The purpose of a Critical Incident Response Team is to put the Church of Christ in a “ready” position, so that when a need arises in the local communities in which each church resides, the community will look to us first for the answers. By providing those answers, we put ourselves in the position to answer the question that they have not yet asked. That question is:  What must I do to be saved?

 

II. What does a Critical Incident Response Team Do?

A Critical Incident Response Team is a team that has specialized training, which enables them to respond to incidents that have traumatized inviduals or groups, either directly or indirectly.

 

III. What is a traumatic event?

Any event that is outside the realm of usual human experience that is markedly distressing or causes disruption to the functioning of those involved. It usually involves perceived or actual threat to one’s physical integrity or the integrity of someone in close proximity. It could be anything from a fatal traffic accident, a suicide, a homicide, a tornado, or flood. It could even be a school shooting or a terrorist attack.

 

IV. What is Critical Incident Debriefing? 

A process whose only purpose is to systematically lessen the long-term impact of the trauma and to reduce the chances that those affected will develop Post-Traumatic Stress Syndrome.
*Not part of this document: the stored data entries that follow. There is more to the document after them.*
(* In the algorithm DMA, the infeasible merged schedule produced in Step 3 has length at most $(\mu+1/\beta)\Delta$.
   Context: Model. $m$ servers, each a sender and a receiver. A coflow is an $m\times m$ nonnegative integer matrix $(d_{sr})$ of unit packets from sender $s$ to receiver $r$. Each job $j\in\mathcal{N}$ has $\mu_j$ coflows $\mathcal{D}^{(cj)}$ and a DAG $G_j$ (edge $c_1\to c_2$: $c_2$ may not start before $c_1$ finishes). Each slot, each sender sends at most one and each receiver receives at most one packet. $\mu=\max_j\mu_j$. Effective size of a coflow: $D=\max\{\max_s\sum_rd_{sr},\max_r\sum_sd_{sr}\}$; $\Delta$ is the effective size of $\sum_j\sum_c\mathcal{D}^{(cj)}$. BNA: polynomial-time procedure scheduling all packets of a coflow of effective size $D$ feasibly in $D$ consecutive slots. Algorithm DMA (constant $\beta>1/e$): Step 1: for each job, schedule its coflows one after another in a topological order of $G_j$, each with BNA, starting at time $0$ (isolated schedule). Step 2: delay each job's isolated schedule by an independent uniformly random integer in $[0,\Delta/\beta]$. Step 3: merge the delayed schedules slot by slot (capacity constraints may be violated). Step 4: replace each slot $t$ by $\alpha_t$ slots in which its packets are scheduled feasibly by BNA, where $\alpha_t\ge1$ is the maximum number of packets any server sends or receives in slot $t$. *)

From HB Require Import structures.
From mathcomp Require Import all_boot all_order all_algebra.
From mathcomp Require Import reals sequences exp.
Set Implicit Arguments. Unset Strict Implicit. Unset Printing Implicit Defensive.
Import Order.TTheory GRing.Theory Num.Theory.

(* A coflow / a slot content on m servers: an m x m matrix of packet counts,
   entry (s, r) = packets from sender s to receiver r. *)
Notation coflow m := 'M[nat]_m.

Definition eff_size m (D : coflow m) : nat :=
  maxn (\max_(s < m) \sum_(r < m) D s r) (\max_(r < m) \sum_(s < m) D s r).

Definition schedule m := seq (coflow m).

Definition feasible_slot m (P : coflow m) : bool :=
  [forall s : 'I_m, \sum_(r < m) P s r <= 1] &&
  [forall r : 'I_m, \sum_(s < m) P s r <= 1].

Definition sched_total m (S : schedule m) : coflow m :=
  (\sum_(P <- S) P)%R.

Definition is_BNA m (bna : coflow m -> schedule m) : Prop :=
  forall D : coflow m,
    [/\ size (bna D) = eff_size D,
        all (@feasible_slot m) (bna D) &
        sched_total (bna D) = D].

Definition topo_order (mu : nat) (G : rel nat) (ord : seq nat) : Prop :=
  [/\ perm_eq ord (iota 0 mu) &
      forall c1 c2, c1 < mu -> c2 < mu -> G c1 c2 -> index c1 ord < index c2 ord].

Definition isolated m (bna : coflow m -> schedule m)
  (coflows : nat -> coflow m) (ord : seq nat) : schedule m :=
  flatten [seq bna (coflows c) | c <- ord].

Definition delayed m (d : nat) (S : schedule m) : schedule m :=
  nseq d 0%R ++ S.

(* Step 3: merge the schedules slot by slot (capacity may be violated). *)
Definition merge_sched m (N : nat) (S : 'I_N -> schedule m) : schedule m :=
  mkseq (fun t => (\sum_(j < N) nth 0%R (S j) t)%R) (\max_(j < N) size (S j)).

Definition total_demand m N (mu : 'I_N -> nat) (D : 'I_N -> nat -> coflow m)
  : coflow m := (\sum_(j < N) \sum_(c < mu j) D j c)%R.

From HB Require Import structures.
From mathcomp Require Import all_boot all_order all_algebra.
From mathcomp Require Import reals sequences exp.
Import Order.TTheory GRing.Theory Num.Theory.

(* Every coflow is dominated entrywise by the total demand, so its effective
   size is at most Delta; a job's isolated schedule therefore has length at
   most mu * Delta, its delayed version at most Delta / beta + mu * Delta,
   and the merged schedule is as long as the longest delayed schedule. *)

Lemma eff_size_addr {m} (A X : coflow m) : eff_size A <= eff_size (A + X)%R.
Proof.
rewrite /eff_size geq_max !leq_max; apply/andP; split; apply/orP.
- left; apply/bigmax_leqP => s _; apply: leq_trans (leq_bigmax s).
  by apply: leq_sum => r _; rewrite mxE leq_addr.
- right; apply/bigmax_leqP => r _; apply: leq_trans (leq_bigmax r).
  by apply: leq_sum => s _; rewrite mxE leq_addr.
Qed.

Lemma eff_size_le_total_demand {m N} (mu : 'I_N -> nat)
    (D : 'I_N -> nat -> coflow m) j c :
  c < mu j -> eff_size (D j c) <= eff_size (total_demand mu D).
Proof.
move=> lt_c_mu; rewrite /total_demand (bigD1 j) //= (bigD1 (Ordinal lt_c_mu)) //=.
by rewrite -addrA eff_size_addr.
Qed.

Lemma size_isolated {m} {bna : coflow m -> schedule m} (D : nat -> coflow m)
    (ord : seq nat) :
  is_BNA bna -> size (isolated bna D ord) = \sum_(c <- ord) eff_size (D c).
Proof.
move=> bnaP; rewrite /isolated size_flatten /shape -map_comp sumnE big_map.
by apply: eq_bigr => c _ /=; have [] := bnaP (D c).
Qed.

Lemma size_isolated_le {m} {bna : coflow m -> schedule m} {D : nat -> coflow m}
    {mu : nat} {G : rel nat} {ord : seq nat} (K : nat) :
  is_BNA bna -> topo_order mu G ord ->
  (forall c, c < mu -> eff_size (D c) <= K) ->
  size (isolated bna D ord) <= mu * K.
Proof.
move=> bnaP [ord_perm _] DK.
rewrite size_isolated // (perm_big _ ord_perm) -{1}(subn0 mu) big_mkord.
apply: (@leq_trans (\sum_(c < mu) K)); first by apply: leq_sum => c _; apply: DK.
by rewrite sum_nat_const card_ord.
Qed.

Lemma size_delayed {m} d (S : schedule m) : size (delayed d S) = d + size S.
Proof. by rewrite size_cat size_nseq. Qed.

Lemma size_merge_sched {m N} (S : 'I_N -> schedule m) :
  size (merge_sched S) = \max_(j < N) size (S j).
Proof. exact: size_mkseq. Qed.

Lemma natr_bigmax_le {R : numDomainType} {I : finType} (F : I -> nat) (x : R) :
  (0 <= x)%R -> (forall i, (F i)%:R <= x)%R -> ((\max_i F i)%:R <= x)%R.
Proof. by move=> x_ge0 Fx; elim/big_ind: _ => // a b; case: leqP. Qed.

Theorem lemma3 (R : realType) (m N : nat) (mu : 'I_N -> nat)
  (D : 'I_N -> nat -> coflow m) (G : 'I_N -> rel nat)
  (ord : 'I_N -> seq nat) (bna : coflow m -> schedule m) (beta : R)
  (delay : 'I_N -> nat) :
  is_BNA bna ->
  (forall j, topo_order (mu j) (G j) (ord j)) ->
  ((expR 1)^-1 < beta)%R ->
  (forall j, ((delay j)%:R <= (eff_size (total_demand mu D))%:R / beta)%R) ->
  ((size (merge_sched (fun j => delayed (delay j) (isolated bna (D j) (ord j)))))%:R
     <= ((\max_(j < N) mu j)%:R + beta^-1) * (eff_size (total_demand mu D))%:R)%R.
Proof.
move=> bnaP topo beta_gt delay_le.
have beta_gt0 : (0 < beta)%R by apply: lt_trans beta_gt; rewrite invr_gt0 expR_gt0.
set Delta := eff_size (total_demand mu D).
rewrite size_merge_sched; apply: natr_bigmax_le => [|j].
  by rewrite mulr_ge0 // addr_ge0 // ltW // invr_gt0.
rewrite size_delayed natrD addrC mulrDl.
apply: lerD; last by rewrite mulrC; apply: delay_le.
rewrite -natrM ler_nat; apply: leq_trans (size_isolated_le Delta bnaP (topo j) _) _.
  by move=> c; apply: eff_size_le_total_demand.
by rewrite leq_mul2r leq_bigmax orbT.
Qed.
It is not therapy nor does it take the place of therapy. Critical Incident Debriefing is a system that was employed in the days following the Oklahoma City Bombing and 9-11 incidents.  Subsequent research proved that in both of these events, Critical Incident Debriefing successfully mitigated the long-term effects of trauma on those persons directly involved in the crises, as well as those who suffered from secondary traumatic effects. Unfortunately, most incidents that have occurred on our school campuses and our neighborhoods have somehow managed to fly under the radar of the Critical Incident Debriefing process, and this extremely important, proven method of lessening the long-term impact of the trauma has rarely been employed in school districts reeling from an incident of school violence. The fallout of failing to properly handle the debriefing process following these events has been devastating, and we will never know exactly how much damage may have been inflicted as a result of this neglect.